WHAT THE TASK REQUIRES: Could you retype every entry below exactly as written?

>>>>>

Lemma weight_integral_ge (m : R -> R) (M : R) : 0 <= s ->
  (forall x, x \in I01 -> `|m x| <= M) ->
  ((2^-1 ^+ d.-1 * expR (- (2 * s * M)) * 2^-1)%:E
     <= \int[mu]_(r in [set` I01]) (weight d s m r)%:E)%E.
Proof.
move=> s0 mM.
pose A : set R := [set` `[2^-1, 1]].
set e := _ * expR _; have e0 : 0 < e by rewrite mulr_gt0 ?exprn_gt0 ?expR_gt0 ?invr_gt0.
have muA : mu (A `&` [set` I01]) = (2^-1)%:E.
  rewrite setIidl; last first.
    move=> x; rewrite /A /= !in_itv /= => /andP[x_ge ->]; rewrite andbT.
    by apply: le_trans x_ge; rewrite invr_ge0.
  rewrite lebesgue_measure_itv /= lte_fin invf_lt1 ?ltr1n //= -EFinD.
  by congr EFin; lra.
rewrite EFinM -muA -integral_indic //; last exact: measurable_itv.
rewrite -ge0_integralZl_nm ?(ltW e0) //.
apply: ge0_le_integral_nm => x x01.
  by rewrite -EFinM lee_fin mulr_ge0 ?(ltW e0) // indicE.
rewrite -EFinM lee_fin indicE; have [xA|_] := boolP (x \in A); last first.
  by rewrite mulr0 weight_ge0.
move: xA => /set_mem; rewrite /A /= in_itv /= => /andP[x_ge _].
rewrite mulr1 /e /weight ler_pM ?exprn_ge0 ?expR_ge0 ?invr_ge0 //.
  by rewrite lerXn2r ?nnegrE ?invr_ge0 // (le_trans _ x_ge) ?invr_ge0.
by have := mM x x01; rewrite ler_expR ler_norml => /andP[Mm _]; nra.
Qed.

Lemma weight_integral_fin_gt0 (m : R -> R) : 0 <= s ->
  {within [set` I01], continuous m} ->
  exists2 w : R, 0 < w & (\int[mu]_(r in [set` I01]) (weight d s m r)%:E = w%:E)%E.
Proof.
move=> s0 /continuous01_bounded [M mM].
have W_ub := weight_integral_le s0 mM; have W_lb := weight_integral_ge s0 mM.
set W := (\int[mu]_(r in _) _)%E in W_ub W_lb *; set e := _ * 2^-1 in W_lb.
have e0 : 0 < e by rewrite !mulr_gt0 ?exprn_gt0 ?expR_gt0 ?invr_gt0.
have W_fin : W \is a fin_num.
  by rewrite ge0_fin_numE ?(le_lt_trans W_ub) ?ltry // (le_trans _ W_lb) ?lee_fin ?ltW.
exists (fine W); last by rewrite fineK.
by rewrite -lte_fin fineK // (lt_le_trans _ W_lb).
Qed.

Lemma lam_le_ub (m : R -> R) (C : R) : 0 <= s ->
  {within [set` I01], continuous m} ->
  (forall x, x \in I01 -> c x <= C) -> (lam d c s m <= C%:E)%E.
Proof.
move=> s0 m_cont cC.
have [w w0 W_w] := weight_integral_fin_gt0 s0 m_cont.
have I0 : (0:R) \in I01 by rewrite in_itv /= lexx ler01.
have C0 : 0 <= C := le_trans (c_ge0 I0) (cC _ I0).
have one_w : wnorm2 d s m (cst 1) = w%:E.
  by rewrite -W_w; apply: eq_integral => x _; rewrite expr1n mulr1.
apply: le_trans (lam_le_rayleigh w0 (H1_01_cst 1) one_w) _.
have -> : C = w^-1 * (C * w) by rewrite mulrCA mulVf ?gt_eqF ?mulr1.
rewrite EFinM lee_wpmul2l ?lee_fin ?invr_ge0 ?(ltW w0) // EFinM -W_w.
rewrite -ge0_integralZl_nm //; last by move=> x x01; rewrite lee_fin weight_ge0.
apply: ge0_le_integral_nm => x x01; first by rewrite lee_fin rayleigh_integrand_ge0.
rewrite -EFinM lee_fin /= expr0n expr1n add0r mulr1 mulrC.
by rewrite ler_wpM2r ?weight_ge0 ?cC.
Qed.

<<<<<

FINISHED EXERCISE:
Lemma weight_integral_ge (m : R -> R) (M : R) : 0 <= s ->
  (forall x, x \in I01 -> `|m x| <= M) ->
  ((2^-1 ^+ d.-1 * expR (- (2 * s * M)) * 2^-1)%:E
     <= \int[mu]_(r in [set` I01]) (weight d s m r)%:E)%E.
Proof.
move=> s0 mM.
pose A : set R := [set` `[2^-1, 1]].
set e := _ * expR _; have e0 : 0 < e by rewrite mulr_gt0 ?exprn_gt0 ?expR_gt0 ?invr_gt0.
have muA : mu (A `&` [set` I01]) = (2^-1)%:E.
  rewrite setIidl; last first.
    move=> x; rewrite /A /= !in_itv /= => /andP[x_ge ->]; rewrite andbT.
    by apply: le_trans x_ge; rewrite invr_ge0.
  rewrite lebesgue_measure_itv /= lte_fin invf_lt1 ?ltr1n //= -EFinD.
  by congr EFin; lra.
rewrite EFinM -muA -integral_indic //; last exact: measurable_itv.
rewrite -ge0_integralZl_nm ?(ltW e0) //.
apply: ge0_le_integral_nm => x x01.
  by rewrite -EFinM lee_fin mulr_ge0 ?(ltW e0) // indicE.
rewrite -EFinM lee_fin indicE; have [xA|_] := boolP (x \in A); last first.
  by rewrite mulr0 weight_ge0.
move: xA => /set_mem; rewrite /A /= in_itv /= => /andP[x_ge _].
rewrite mulr1 /e /weight ler_pM ?exprn_ge0 ?expR_ge0 ?invr_ge0 //.
  by rewrite lerXn2r ?nnegrE ?invr_ge0 // (le_trans _ x_ge) ?invr_ge0.
by have := mM x x01; rewrite ler_expR ler_norml => /andP[Mm _]; nra.
Qed.

Lemma weight_integral_fin_gt0 (m : R -> R) : 0 <= s ->
  {within [set` I01], continuous m} ->
  exists2 w : R, 0 < w & (\int[mu]_(r in [set` I01]) (weight d s m r)%:E = w%:E)%E.
Proof.
move=> s0 /continuous01_bounded [M mM].
have W_ub := weight_integral_le s0 mM; have W_lb := weight_integral_ge s0 mM.
set W := (\int[mu]_(r in _) _)%E in W_ub W_lb *; set e := _ * 2^-1 in W_lb.
have e0 : 0 < e by rewrite !mulr_gt0 ?exprn_gt0 ?expR_gt0 ?invr_gt0.
have W_fin : W \is a fin_num.
  by rewrite ge0_fin_numE ?(le_lt_trans W_ub) ?ltry // (le_trans _ W_lb) ?lee_fin ?ltW.
exists (fine W); last by rewrite fineK.
by rewrite -lte_fin fineK // (lt_le_trans _ W_lb).
Qed.

Lemma lam_le_ub (m : R -> R) (C : R) : 0 <= s ->
  {within [set` I01], continuous m} ->
  (forall x, x \in I01 -> c x <= C) -> (lam d c s m <= C%:E)%E.
Proof.
move=> s0 m_cont cC.
have [w w0 W_w] := weight_integral_fin_gt0 s0 m_cont.
have I0 : (0:R) \in I01 by rewrite in_itv /= lexx ler01.
have C0 : 0 <= C := le_trans (c_ge0 I0) (cC _ I0).
have one_w : wnorm2 d s m (cst 1) = w%:E.
  by rewrite -W_w; apply: eq_integral => x _; rewrite expr1n mulr1.
apply: le_trans (lam_le_rayleigh w0 (H1_01_cst 1) one_w) _.
have -> : C = w^-1 * (C * w) by rewrite mulrCA mulVf ?gt_eqF ?mulr1.
rewrite EFinM lee_wpmul2l ?lee_fin ?invr_ge0 ?(ltW w0) // EFinM -W_w.
rewrite -ge0_integralZl_nm //; last by move=> x x01; rewrite lee_fin weight_ge0.
apply: ge0_le_integral_nm => x x01; first by rewrite lee_fin rayleigh_integrand_ge0.
rewrite -EFinM lee_fin /= expr0n expr1n add0r mulr1 mulrC.
by rewrite ler_wpM2r ?weight_ge0 ?cC.
Qed.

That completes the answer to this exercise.